17 Maar op de Sionsberg zal redding zijn, Hij zal heilig wezen; Het huis van Jakob zal zijn vroeger bezit Weer vermeesteren!
And on [the] mountain of Zion it will be deliverance and it will be a holy place and they will take possession of [the] house Jacob possessions their.
18 Dan wordt het huis van Jakob een vuur, dat van Josef een vlam, Het huis van Edom tot kaf, verbrand en verteerd, En niemand blijft over in Esau’s huis: Waarachtig, Jahweh heeft het gezegd!
And it will be [the] house of Jacob a fire and [the] house of Joseph [will be] a flame and [the] house of Esau [will become] stubble and they will burn them and they will consume them and not he will belong a survivor to [the] house of Esau for Yahweh he has spoken.
19 De Négeb zal Esau’s gebergte bezetten, De Sjefela de Filistijnen, Efraïm de velden van Samaria, En Benjamin Gilad!
And they will take possession of the Negev [the] mountain of Esau and the Shephelah Philistines and they will take possession of [the] region of Ephraim and [the] region of Samaria and Benjamin Gilead.

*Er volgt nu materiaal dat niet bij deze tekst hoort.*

(* Let $(x_n)$ be a bounded sequence and $(y_n)$ a weakly Cauchy sequence in a Banach space $X$. Then for every $\varepsilon\in(0,1)$ there is a subsequence $(n_k)$ with the following properties: - both $(x_{n_k})_k$ and $(x_{n_k}+y_{n_k})_k$ are $c_J$-stable; - $(1-\varepsilon)\,\tilde c_J(x_n)\le c_J(x_{n_k})\le\tilde c_J(x_n)$; - $c_J(x_{n_k}+y_{n_k})=c_J(x_{n_k})$.
   Context: For a bounded sequence $(x_n)$ in a Banach space, define $c_m=\inf\{\|\sum_{n\ge m}\alpha_n x_n\|: \sum_{n\ge m}|\alpha_n|=1\}$ and $c_J(x_n)=\sup_m c_m$. Passing to a subsequence does not decrease $c_J$. Define $\tilde c_J(x_n)=\sup\{c_J(x_{n_k}): (x_{n_k}) \text{ a subsequence of } (x_n)\}$. A sequence is called $c_J$-stable if $c_J(x_n)=\tilde c_J(x_n)$. *)

From Stdlib Require Import Reals Lra.
Open Scope R_scope.

Set Implicit Arguments.

Record BanachSpace := {
  carrier :> Type;
  vadd : carrier -> carrier -> carrier;
  vscal : R -> carrier -> carrier;
  vzero : carrier;
  vopp : carrier -> carrier;
  vnorm : carrier -> R;
  vadd_assoc : forall x y z, vadd x (vadd y z) = vadd (vadd x y) z;
  vadd_comm : forall x y, vadd x y = vadd y x;
  vadd_0 : forall x, vadd x vzero = x;
  vadd_opp : forall x, vadd x (vopp x) = vzero;
  vscal_1 : forall x, vscal 1 x = x;
  vscal_assoc : forall a b x, vscal a (vscal b x) = vscal (a * b) x;
  vscal_distr_v : forall a x y, vscal a (vadd x y) = vadd (vscal a x) (vscal a y);
  vscal_distr_s : forall a b x, vscal (a + b) x = vadd (vscal a x) (vscal b x);
  vnorm_nonneg : forall x, 0 <= vnorm x;
  vnorm_eq0 : forall x, vnorm x = 0 -> x = vzero;
  vnorm_scal : forall a x, vnorm (vscal a x) = Rabs a * vnorm x;
  vnorm_triangle : forall x y, vnorm (vadd x y) <= vnorm x + vnorm y;
  complete : forall u : nat -> carrier,
    (forall e, 0 < e -> exists N, forall n m, (N <= n)%nat -> (N <= m)%nat ->
        vnorm (vadd (u n) (vopp (u m))) < e) ->
    exists l, forall e, 0 < e -> exists N, forall n, (N <= n)%nat ->
        vnorm (vadd (u n) (vopp l)) < e
}.
(* Schur's lemma, first half: self-intertwiners of an irreducible
   representation are scalar (an eigenspace is invariant). *)
Lemma schur_scalar d (P : G -> 'M[C]_d) (A : 'M[C]_d) :
  irreducible P -> intw P P A -> exists c, A = c%:M.
Proof.
case=> Hd Hirr HA.
have [c Hc] : exists c, eigenvalue A^T c.
  have : size (char_poly A^T) != 1%N by rewrite size_char_poly; case: (d) Hd.
  by move/closed_rootP => [c Hc]; exists c; rewrite eigenvalue_root_char.
exists c; move/eigenvalueP: Hc => [v Hv Hv0].
pose B := A - c%:M.
have BP g : B *m P g = P g *m B by rewrite /B mulmxBl mulmxBr -HA scalar_mxC.
pose W := lker (linfun (mulmx B : 'cV[C]_d -> 'cV[C]_d)).
have memW w : (w \in W) = (B *m w == 0) by rewrite memv_ker lfunE.
have : W = 0%VS \/ W = fullv.
  apply: Hirr => g w; rewrite !memW => /eqP Hw.
  by rewrite mulmxA BP -mulmxA Hw mulmx0.
case=> HW.
  have : v^T \in W.
    rewrite memW.
    have -> : B *m v^T = (v *m B^T)^T by rewrite trmx_mul trmxK.
    have -> : B^T = A^T - c%:M by rewrite /B linearB /= tr_scalar_mx.
    by rewrite mulmxBr Hv mul_mx_scalar subrr trmx0.
  rewrite HW memv0 => /eqP /(congr1 trmx); rewrite trmxK trmx0 => v0.
  by move: Hv0; rewrite v0 eqxx.
have B0 : B = 0.
  apply/matrixP=> a b; rewrite mxE.
  have : delta_mx b (0 : 'I_1) \in W by rewrite HW memvf.
  by rewrite memW -colE => /eqP /matrixP /(_ a 0); rewrite !mxE.
by apply/eqP; rewrite -subr_eq0 -/B B0.
Qed.

Lemma matrix_neq0 m n (X : 'M[C]_(m, n)) : X != 0 -> exists a b, X a b != 0.
Proof.
move=> X0; case: (boolP [exists a, exists b, X a b != 0]) => [/existsP[a /existsP[b Hab]]|H].
  by exists a, b.
case/negP: X0; apply/eqP/matrixP=> a b; rewrite mxE; apply/eqP/negPn.
by move: H; rewrite negb_exists => /forallP/(_ a); rewrite negb_exists => /forallP/(_ b).
Qed.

20 De ballingen van Chalach, de zonen van Israël, Zullen de Kanaänieten bezitten tot Sárefat toe; De ballingen van Jerusalem in Sefarad De steden van het Zuidland.
And [the] exile[s] of the fortress this of [the] people of Israel who [will be] Canaanites to Zarephath and [the] exile[s] of Jerusalem who [are] in Sepharad they will take possession of [the] cities of the Negev.
21 Dan zullen zij, die zijn verlost, De berg Sion bestijgen, Om het gebergte van Esau te richten: En de heerschappij zal aan Jahweh zijn!
And they will go up deliverers on [the] mountain of Zion to rule [the] mountain of Esau and it will belong to Yahweh the kingship.